Records contained in a dataset:
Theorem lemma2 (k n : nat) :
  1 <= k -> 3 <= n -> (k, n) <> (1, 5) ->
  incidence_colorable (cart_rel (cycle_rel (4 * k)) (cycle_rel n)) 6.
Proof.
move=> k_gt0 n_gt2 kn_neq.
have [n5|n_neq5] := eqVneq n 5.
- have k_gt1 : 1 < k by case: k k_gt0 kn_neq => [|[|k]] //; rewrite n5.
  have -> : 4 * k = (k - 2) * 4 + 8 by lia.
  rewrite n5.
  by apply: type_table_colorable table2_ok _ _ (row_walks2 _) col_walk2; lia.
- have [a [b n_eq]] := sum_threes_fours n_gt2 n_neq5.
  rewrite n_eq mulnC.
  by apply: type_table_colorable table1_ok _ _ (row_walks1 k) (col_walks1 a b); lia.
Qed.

---

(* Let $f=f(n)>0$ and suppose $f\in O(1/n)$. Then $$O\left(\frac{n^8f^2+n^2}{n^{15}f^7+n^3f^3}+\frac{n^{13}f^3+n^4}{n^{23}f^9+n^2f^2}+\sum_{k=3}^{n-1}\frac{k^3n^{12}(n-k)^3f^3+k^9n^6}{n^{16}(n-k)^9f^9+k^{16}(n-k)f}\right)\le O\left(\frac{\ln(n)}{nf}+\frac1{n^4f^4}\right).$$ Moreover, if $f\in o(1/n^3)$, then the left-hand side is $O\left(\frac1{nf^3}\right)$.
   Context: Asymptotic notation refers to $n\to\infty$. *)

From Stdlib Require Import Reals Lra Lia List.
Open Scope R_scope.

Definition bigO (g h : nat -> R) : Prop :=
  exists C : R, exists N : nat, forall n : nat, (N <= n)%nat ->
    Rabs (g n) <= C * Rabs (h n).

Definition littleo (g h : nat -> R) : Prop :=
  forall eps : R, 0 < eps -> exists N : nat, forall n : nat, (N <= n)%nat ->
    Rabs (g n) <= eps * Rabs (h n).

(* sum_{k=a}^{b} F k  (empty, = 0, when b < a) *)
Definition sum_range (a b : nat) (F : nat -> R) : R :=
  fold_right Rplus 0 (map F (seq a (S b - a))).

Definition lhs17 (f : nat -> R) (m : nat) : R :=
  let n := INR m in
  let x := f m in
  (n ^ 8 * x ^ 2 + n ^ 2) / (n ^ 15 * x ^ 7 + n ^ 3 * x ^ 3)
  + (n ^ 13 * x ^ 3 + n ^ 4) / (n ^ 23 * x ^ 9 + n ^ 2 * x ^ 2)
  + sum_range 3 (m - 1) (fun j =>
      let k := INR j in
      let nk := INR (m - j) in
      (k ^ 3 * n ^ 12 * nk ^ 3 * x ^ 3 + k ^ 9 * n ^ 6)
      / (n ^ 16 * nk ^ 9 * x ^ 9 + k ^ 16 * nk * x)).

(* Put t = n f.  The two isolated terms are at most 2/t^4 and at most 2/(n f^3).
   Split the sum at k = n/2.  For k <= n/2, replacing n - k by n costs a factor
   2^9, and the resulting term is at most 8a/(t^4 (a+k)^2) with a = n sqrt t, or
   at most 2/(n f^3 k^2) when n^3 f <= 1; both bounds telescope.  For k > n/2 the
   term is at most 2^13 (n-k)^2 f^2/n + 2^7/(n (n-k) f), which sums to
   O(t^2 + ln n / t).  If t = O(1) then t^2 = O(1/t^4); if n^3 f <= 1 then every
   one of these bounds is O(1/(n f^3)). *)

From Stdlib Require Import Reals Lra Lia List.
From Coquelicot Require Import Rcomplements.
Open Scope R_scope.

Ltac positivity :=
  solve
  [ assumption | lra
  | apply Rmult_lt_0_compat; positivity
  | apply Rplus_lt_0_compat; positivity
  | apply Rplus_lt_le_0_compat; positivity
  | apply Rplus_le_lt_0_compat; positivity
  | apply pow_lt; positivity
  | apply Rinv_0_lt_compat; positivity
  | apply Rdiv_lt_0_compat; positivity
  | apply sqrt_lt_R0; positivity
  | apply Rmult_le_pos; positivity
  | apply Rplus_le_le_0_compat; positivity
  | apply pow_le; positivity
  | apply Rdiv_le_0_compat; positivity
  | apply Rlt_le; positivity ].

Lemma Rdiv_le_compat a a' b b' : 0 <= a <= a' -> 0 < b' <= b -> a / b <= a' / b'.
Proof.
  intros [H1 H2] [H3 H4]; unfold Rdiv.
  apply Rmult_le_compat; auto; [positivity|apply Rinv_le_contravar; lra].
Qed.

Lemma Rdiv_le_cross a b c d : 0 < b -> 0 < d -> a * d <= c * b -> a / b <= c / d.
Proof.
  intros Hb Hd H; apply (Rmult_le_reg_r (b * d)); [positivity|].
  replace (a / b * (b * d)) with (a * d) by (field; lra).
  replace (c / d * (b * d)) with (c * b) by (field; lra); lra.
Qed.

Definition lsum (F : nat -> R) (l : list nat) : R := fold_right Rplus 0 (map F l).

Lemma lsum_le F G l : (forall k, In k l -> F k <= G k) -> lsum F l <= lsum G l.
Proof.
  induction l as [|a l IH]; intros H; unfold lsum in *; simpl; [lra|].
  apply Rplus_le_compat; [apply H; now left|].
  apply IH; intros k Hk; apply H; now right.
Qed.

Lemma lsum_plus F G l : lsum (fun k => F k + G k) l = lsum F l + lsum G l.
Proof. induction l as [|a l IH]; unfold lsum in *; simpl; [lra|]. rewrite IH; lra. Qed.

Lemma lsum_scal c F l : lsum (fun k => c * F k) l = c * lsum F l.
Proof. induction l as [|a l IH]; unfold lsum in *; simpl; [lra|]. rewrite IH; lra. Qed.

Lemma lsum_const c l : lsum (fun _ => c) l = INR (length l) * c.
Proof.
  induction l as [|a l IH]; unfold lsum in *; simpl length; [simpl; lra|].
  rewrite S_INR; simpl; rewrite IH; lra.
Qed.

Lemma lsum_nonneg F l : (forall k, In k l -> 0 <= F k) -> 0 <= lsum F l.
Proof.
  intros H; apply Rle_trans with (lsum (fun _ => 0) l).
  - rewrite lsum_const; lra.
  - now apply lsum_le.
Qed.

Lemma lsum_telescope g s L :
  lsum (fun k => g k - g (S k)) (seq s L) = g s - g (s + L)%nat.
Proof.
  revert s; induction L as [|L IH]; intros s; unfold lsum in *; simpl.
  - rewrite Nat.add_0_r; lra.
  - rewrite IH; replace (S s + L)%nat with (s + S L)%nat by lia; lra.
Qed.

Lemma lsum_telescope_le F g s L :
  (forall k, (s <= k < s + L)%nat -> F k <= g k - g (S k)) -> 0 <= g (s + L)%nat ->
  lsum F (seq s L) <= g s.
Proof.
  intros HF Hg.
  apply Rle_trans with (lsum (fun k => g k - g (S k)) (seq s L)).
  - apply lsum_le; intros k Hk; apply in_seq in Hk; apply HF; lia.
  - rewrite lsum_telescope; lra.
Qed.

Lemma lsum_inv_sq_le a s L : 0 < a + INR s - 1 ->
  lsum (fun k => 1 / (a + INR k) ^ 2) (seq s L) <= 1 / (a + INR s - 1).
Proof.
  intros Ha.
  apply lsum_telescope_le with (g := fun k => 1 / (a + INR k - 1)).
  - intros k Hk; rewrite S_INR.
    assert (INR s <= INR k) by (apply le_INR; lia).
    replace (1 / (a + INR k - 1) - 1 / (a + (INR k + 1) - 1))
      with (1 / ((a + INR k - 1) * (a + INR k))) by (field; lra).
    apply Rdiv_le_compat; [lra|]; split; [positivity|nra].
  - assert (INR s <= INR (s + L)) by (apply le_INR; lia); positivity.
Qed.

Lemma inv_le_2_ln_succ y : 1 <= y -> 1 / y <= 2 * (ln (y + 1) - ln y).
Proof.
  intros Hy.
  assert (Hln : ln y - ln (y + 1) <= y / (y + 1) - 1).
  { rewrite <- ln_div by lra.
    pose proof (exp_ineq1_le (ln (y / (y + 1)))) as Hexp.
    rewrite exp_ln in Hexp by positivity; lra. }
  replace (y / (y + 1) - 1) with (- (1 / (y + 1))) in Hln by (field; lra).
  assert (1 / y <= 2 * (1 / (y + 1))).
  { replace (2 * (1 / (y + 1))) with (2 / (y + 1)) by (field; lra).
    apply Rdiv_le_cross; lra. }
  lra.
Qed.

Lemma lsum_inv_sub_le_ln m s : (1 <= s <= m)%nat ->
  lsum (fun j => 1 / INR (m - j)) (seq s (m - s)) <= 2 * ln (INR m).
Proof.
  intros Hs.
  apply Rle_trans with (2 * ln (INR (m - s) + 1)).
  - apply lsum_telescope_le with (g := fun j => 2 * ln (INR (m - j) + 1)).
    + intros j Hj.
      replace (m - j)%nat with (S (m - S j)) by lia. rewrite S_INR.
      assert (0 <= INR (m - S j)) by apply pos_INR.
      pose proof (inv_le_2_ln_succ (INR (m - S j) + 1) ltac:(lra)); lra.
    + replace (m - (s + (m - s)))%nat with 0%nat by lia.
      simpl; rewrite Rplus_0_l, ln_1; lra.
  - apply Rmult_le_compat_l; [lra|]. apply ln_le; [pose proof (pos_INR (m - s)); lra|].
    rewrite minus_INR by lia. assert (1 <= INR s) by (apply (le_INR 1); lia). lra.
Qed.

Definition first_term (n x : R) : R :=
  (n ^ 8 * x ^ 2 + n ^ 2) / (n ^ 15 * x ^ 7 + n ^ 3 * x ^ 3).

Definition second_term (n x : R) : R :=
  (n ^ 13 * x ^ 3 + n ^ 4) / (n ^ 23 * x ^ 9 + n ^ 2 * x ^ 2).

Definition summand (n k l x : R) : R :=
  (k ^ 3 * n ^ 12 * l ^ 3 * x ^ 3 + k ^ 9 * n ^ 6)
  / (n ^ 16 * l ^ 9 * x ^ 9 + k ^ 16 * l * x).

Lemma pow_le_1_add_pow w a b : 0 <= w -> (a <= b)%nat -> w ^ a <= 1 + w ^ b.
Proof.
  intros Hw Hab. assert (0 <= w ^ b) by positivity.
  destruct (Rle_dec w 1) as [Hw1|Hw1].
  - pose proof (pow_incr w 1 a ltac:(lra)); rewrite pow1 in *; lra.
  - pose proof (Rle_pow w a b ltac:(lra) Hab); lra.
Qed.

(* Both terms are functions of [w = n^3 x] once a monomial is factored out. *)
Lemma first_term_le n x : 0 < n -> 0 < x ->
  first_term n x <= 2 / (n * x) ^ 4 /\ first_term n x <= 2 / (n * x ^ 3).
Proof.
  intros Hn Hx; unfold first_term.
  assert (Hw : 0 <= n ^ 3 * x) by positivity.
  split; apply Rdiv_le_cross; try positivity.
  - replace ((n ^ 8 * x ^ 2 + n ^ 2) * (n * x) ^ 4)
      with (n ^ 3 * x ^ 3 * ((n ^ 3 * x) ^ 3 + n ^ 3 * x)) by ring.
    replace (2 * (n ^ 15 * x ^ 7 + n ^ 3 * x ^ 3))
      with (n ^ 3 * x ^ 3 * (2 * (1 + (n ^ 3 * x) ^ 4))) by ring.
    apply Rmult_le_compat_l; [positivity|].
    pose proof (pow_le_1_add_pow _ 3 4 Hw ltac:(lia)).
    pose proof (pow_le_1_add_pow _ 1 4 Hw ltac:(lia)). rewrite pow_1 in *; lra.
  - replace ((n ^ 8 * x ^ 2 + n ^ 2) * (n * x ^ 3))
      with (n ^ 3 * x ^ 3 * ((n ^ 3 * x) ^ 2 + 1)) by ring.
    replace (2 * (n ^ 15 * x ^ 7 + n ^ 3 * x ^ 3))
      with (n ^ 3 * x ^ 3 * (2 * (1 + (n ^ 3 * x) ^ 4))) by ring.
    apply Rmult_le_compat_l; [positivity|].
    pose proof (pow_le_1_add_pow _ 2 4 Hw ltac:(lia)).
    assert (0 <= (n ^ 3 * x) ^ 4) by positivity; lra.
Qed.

==

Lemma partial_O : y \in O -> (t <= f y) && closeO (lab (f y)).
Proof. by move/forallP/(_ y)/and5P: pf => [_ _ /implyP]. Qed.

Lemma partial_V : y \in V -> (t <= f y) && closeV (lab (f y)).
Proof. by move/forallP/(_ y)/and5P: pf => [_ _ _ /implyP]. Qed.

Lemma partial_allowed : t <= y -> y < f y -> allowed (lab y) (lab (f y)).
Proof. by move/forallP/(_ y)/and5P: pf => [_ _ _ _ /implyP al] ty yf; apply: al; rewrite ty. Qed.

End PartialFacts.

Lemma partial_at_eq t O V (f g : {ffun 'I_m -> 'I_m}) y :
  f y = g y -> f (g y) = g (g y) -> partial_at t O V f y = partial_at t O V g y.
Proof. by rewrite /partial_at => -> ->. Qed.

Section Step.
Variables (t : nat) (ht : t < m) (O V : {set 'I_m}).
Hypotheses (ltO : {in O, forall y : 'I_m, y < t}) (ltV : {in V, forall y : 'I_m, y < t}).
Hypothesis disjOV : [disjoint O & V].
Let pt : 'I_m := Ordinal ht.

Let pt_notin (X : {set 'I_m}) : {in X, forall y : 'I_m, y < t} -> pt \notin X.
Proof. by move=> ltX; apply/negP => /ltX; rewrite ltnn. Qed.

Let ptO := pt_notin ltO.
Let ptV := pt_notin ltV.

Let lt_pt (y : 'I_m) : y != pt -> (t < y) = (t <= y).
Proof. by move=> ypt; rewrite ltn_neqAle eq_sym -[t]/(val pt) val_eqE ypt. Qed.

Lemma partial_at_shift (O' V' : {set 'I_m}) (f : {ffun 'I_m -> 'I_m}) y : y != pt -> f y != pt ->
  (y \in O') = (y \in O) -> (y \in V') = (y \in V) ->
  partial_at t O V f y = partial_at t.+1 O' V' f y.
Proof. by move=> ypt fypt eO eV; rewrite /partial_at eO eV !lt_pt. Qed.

- [Action item]: Your answer should be the exact lines above from the one with "Theorem lemma2 (k" through the one with "- have k_gt1", both included, and nothing besides.

- [Response]:
Theorem lemma2 (k n : nat) :
  1 <= k -> 3 <= n -> (k, n) <> (1, 5) ->
  incidence_colorable (cart_rel (cycle_rel (4 * k)) (cycle_rel n)) 6.
Proof.
move=> k_gt0 n_gt2 kn_neq.
have [n5|n_neq5] := eqVneq n 5.
- have k_gt1 : 1 < k by case: k k_gt0 kn_neq => [|[|k]] //; rewrite n5.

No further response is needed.